Tuesday, April 17, 2018

Foundation of Unrest



     The importance of the Zoot Suit Riots is evident in their history. A style popularized by black jazz musicians and adopted by the youth, became the new fashion trend. Though it quickly became associated with immigrant communities and crime. The wearing of this style during wartime was also seen as being unpatriotic. As if wearing the same clothes as famous black musicians, or relating oneself to immigrant communities was un-American. Synonymous with not accepting societal norms in white America. These tensions eventually led to a bloody brawl between several hundred Navy men and the local youth. This melee forced this Zoot Suit into the public eye and raised the question of why this incident occurred.  
     On June 3, 1943 in Los Angeles, CA, a group of servicemen got into a fight with a group of Mexican-Americans wearing zoot suits. Word spread throughout the military barracks and eventually men were roaming the streets and beating anyone with a Zoot Suit. They began dragging any negroes, Mexicans, or filipinos from the streetcars and brutally attacking them with makeshift weapons. This type of action was allowed to continue for four whole days until it was put to an end. Although it was the victims that were arrested for their own protection. The newspapers published articles naming the servicemen as heroes and stating that these criminal zoot suiters were guilty of multiple crimes and that they deserved what came to them. The Zoot Soot Riots were a sign. They were a frightening and brutal image of the status quo in America. How this action by the U.S military, no less, was found acceptable by the police, government, media, and the society as a whole. Historians call these events riots but really they were a massacre and violation of human rights and freedom. They became a foundation of social unrest between all groups of immigrants and the so-called lower-class of America who were labeled this because of their accents and skin color. The country that is supposed to stand by all, as all men are created equal, turned its back on them. The media did not voice any anger over this flagrant and irreparable harm done to these citizens of L.A. But rather it kept up the charade that these men were right in their actions because they were white. This culturalization of racism was saddening and led to physical discrimination and violence on both sides.

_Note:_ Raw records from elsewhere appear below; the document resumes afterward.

Lemma share_triangleT_sym a b s t :
  share_triangleT a b s t -> share_triangleT s t a b.
Proof.
case=> x [y [z [ab st yz yzT]]]; exists x, z, y.
by rewrite eq_sym /uedgeT orbC.
Qed.

Lemma triangleT_share u c v : triangleT u c v ->
  [/\ share_triangleT u c c v, share_triangleT u c u v
    & share_triangleT c v u v].
Proof.
case/and4P=> /andP[uc cv] euc ecv euv.
split; [exists c, u, v | exists u, c, v | exists v, c, u];
  by split; rewrite /ends /uedgeT ?eqxx ?orbT ?euv ?ecv ?euc //; lia.
Qed.

Lemma triangle_outer_side u c v a' b' : triangleT u c v -> diagT a' b' ->
  ~~ under u c a' b' -> ~~ under c v a' b' -> apart u v a' b'.
Proof.
move=> tri de e_nuc e_ncv; have /and4P[/andP[uc cv] euc ecv euv] := tri.
have [ab' _ _] := diagT_bounds de.
have := noncross_under_apart (ltnW ab') (diagT_noncross de euv).
case/orP=> [e_uv | //].
have := triangle_under uc cv e_uv (diagT_noncross de euc)
  (diagT_noncross de ecv).
rewrite (negbTE e_nuc) (negbTE e_ncv) !orbF => /andP[/eqP-> /eqP->].
by rewrite /apart !leqnn !orbT.
Qed.

(* The number of vertices strictly on the side of the chord (s, t) that
   contains the chord (a', b'). *)
Definition side_size (s t a' b' : nat) : nat :=
  if under s t a' b' then t - s - 1 else n.+3 - (t - s) - 1.

Lemma triangle_step a b a' b' :
  diagT a b -> diagT a' b' -> (a != a') || (b != b') ->
  exists s t, [/\ edgeT s t, share_triangleT a b s t,
    forall p q, crossn a b p q -> crossn a' b' p q -> crossn s t p q
    & ((s == a') && (t == b')) || (side_size s t a' b' < side_size a b a' b')].
Proof.
move=> dab de ne; have [ab bn _] := diagT_bounds dab.
have [ab' _ _] := diagT_bounds de.
case: (boolP (under a b a' b')) => [e_d | e_nd].
  have [c tri] := triangle_below (diagT_edgeT dab) ab bn.
  have [_ sh_ac sh_cb] := triangleT_share tri.
  have /and4P[/andP[ac cb] eac ecb _] := tri.
  have := triangle_under ac cb e_d (diagT_noncross de eac)
    (diagT_noncross de ecb).
  case/or3P=> [/andP[/eqP ea /eqP eb] | e_ac | e_cb].
  - by move: ne; rewrite ea eb !eqxx.
  - exists a, c; split=> //; first exact: share_triangleT_sym.
      by move=> p q; apply: crossn_separate e_ac _; rewrite /apart; lia.
    by rewrite /side_size e_ac e_d; lia.
  - exists c, b; split=> //; first exact: share_triangleT_sym.
      by move=> p q; apply: crossn_separate e_cb _; rewrite /apart; lia.
    by rewrite /side_size e_cb e_d; lia.
have [u [c [v [tri vn d_side]]]] := triangle_above dab.
have [sh_uc_cv sh_uc_uv sh_cv_uv] := triangleT_share tri.
have /and4P[/andP[uc cv] euc ecv euv] := tri.
case: (boolP (under u c a' b')) => [e_uc | e_nuc].
  have [ac bv] : a = c /\ b = v by move: d_side e_nd e_uc; rewrite /under; lia.
  subst a b; exists u, c; split=> //; first exact: share_triangleT_sym.
    by move=> p q; apply: crossn_separate e_uc _; rewrite /apart; lia.
  by rewrite /side_size e_uc (negbTE e_nd); lia.
case: (boolP (under c v a' b')) => [e_cv | e_ncv].
  have [au bc] : a = u /\ b = c by move: d_side e_nd e_cv; rewrite /under; lia.
  subst a b; exists c, v; split=> //.
    by move=> p q; apply: crossn_separate e_cv _; rewrite /apart; lia.
  by rewrite /side_size e_cv (negbTE e_nd); lia.
have e_apart := triangle_outer_side tri de e_nuc e_ncv.
exists u, v; split=> //.
- by case/orP: d_side => /andP[/eqP<- /eqP<-].
- move=> p q d_pq e_pq; apply: crossn_separate _ e_apart e_pq d_pq.
  by move: d_side; rewrite /under; lia.
by move: d_side e_apart; rewrite /side_size /apart (negbTE e_nd); case: ifP;
   rewrite /under; lia.
Qed.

      This social unrest was a building block to the L.A riots of 1992. It was something that was so large and so unprecedentedly evil that it made people all over the country open their eyes. Granted it wasn't enough to make a drastic change and that unsolved tension eventually led to the riots over the verdict in the Rodney King case, but the Zoot Suit Riots were key none the less. They made this heinous anti-colored ideology visible and symbols of this injustice like Dr. King and Malcom X came forward to give a voice to the voiceless. They spoke on the institutional basis of racism and bias. They were able to voice what people felt and the anger they had toward this sanctioned racism. I do think that although these Zoot Suit Riots were a tragedy, but that they were a necessary evil for all to see the type of apartheid that existed in America during this time.